• **Work item**
Among the lines of the records below, copy those that hold the word "nilQ".

• **Dataset records**
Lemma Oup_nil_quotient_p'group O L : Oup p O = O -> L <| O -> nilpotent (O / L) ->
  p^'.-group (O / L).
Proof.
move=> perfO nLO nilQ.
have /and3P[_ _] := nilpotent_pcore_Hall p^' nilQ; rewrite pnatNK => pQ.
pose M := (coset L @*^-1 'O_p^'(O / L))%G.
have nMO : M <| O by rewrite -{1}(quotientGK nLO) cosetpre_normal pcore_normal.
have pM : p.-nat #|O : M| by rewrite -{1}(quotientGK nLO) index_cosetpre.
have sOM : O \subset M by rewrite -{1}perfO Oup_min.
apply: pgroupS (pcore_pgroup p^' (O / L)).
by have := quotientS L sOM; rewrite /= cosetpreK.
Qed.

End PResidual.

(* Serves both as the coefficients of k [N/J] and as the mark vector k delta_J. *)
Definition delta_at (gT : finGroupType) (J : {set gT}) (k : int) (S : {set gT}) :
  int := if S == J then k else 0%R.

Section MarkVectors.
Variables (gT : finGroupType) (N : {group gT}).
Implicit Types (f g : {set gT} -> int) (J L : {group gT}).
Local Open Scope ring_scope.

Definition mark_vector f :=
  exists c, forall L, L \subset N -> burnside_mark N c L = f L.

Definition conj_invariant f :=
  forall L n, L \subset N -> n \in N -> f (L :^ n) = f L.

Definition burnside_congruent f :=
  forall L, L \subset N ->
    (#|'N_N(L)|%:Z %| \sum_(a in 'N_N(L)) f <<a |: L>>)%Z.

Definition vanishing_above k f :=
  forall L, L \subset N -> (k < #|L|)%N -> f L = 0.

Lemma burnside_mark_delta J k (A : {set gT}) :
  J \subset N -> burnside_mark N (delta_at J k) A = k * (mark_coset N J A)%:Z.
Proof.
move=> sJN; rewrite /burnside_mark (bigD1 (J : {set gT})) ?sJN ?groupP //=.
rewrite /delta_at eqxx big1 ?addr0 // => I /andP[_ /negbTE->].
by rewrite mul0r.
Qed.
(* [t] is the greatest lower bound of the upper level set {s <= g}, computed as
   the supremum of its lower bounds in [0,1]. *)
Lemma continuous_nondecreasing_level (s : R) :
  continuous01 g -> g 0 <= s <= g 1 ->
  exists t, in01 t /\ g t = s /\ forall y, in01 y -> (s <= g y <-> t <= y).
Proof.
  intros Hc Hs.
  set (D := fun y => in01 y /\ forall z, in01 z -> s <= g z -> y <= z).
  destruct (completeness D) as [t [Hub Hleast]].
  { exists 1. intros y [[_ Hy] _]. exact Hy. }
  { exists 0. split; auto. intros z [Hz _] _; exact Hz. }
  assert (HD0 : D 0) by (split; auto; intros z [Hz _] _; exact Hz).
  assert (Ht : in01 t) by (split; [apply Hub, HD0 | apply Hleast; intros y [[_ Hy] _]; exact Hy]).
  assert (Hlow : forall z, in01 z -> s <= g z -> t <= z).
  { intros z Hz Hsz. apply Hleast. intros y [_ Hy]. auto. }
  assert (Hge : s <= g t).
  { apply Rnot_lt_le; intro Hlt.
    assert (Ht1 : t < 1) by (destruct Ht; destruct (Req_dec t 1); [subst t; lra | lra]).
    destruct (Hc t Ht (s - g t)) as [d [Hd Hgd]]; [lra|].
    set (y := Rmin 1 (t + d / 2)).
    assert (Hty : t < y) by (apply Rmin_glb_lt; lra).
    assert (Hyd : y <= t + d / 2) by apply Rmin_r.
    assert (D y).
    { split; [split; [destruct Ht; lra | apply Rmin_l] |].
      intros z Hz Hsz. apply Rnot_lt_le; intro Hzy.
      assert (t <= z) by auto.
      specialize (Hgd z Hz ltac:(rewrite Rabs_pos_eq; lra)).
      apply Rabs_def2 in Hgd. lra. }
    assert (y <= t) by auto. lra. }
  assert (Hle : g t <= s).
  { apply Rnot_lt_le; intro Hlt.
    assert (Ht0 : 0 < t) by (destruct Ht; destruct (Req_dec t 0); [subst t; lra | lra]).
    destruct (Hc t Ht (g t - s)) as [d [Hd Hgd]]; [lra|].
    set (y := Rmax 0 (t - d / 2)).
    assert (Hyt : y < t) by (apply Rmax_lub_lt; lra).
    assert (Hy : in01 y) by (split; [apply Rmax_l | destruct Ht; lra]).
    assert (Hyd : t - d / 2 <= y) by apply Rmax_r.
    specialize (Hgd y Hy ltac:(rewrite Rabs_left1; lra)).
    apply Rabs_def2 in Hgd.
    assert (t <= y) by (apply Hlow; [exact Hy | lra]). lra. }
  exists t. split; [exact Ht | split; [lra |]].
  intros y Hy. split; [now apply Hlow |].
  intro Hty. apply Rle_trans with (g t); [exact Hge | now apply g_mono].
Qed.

• **Written solution**
move=> perfO nLO nilQ.
have /and3P[_ _] := nilpotent_pcore_Hall p^' nilQ; rewrite pnatNK => pQ.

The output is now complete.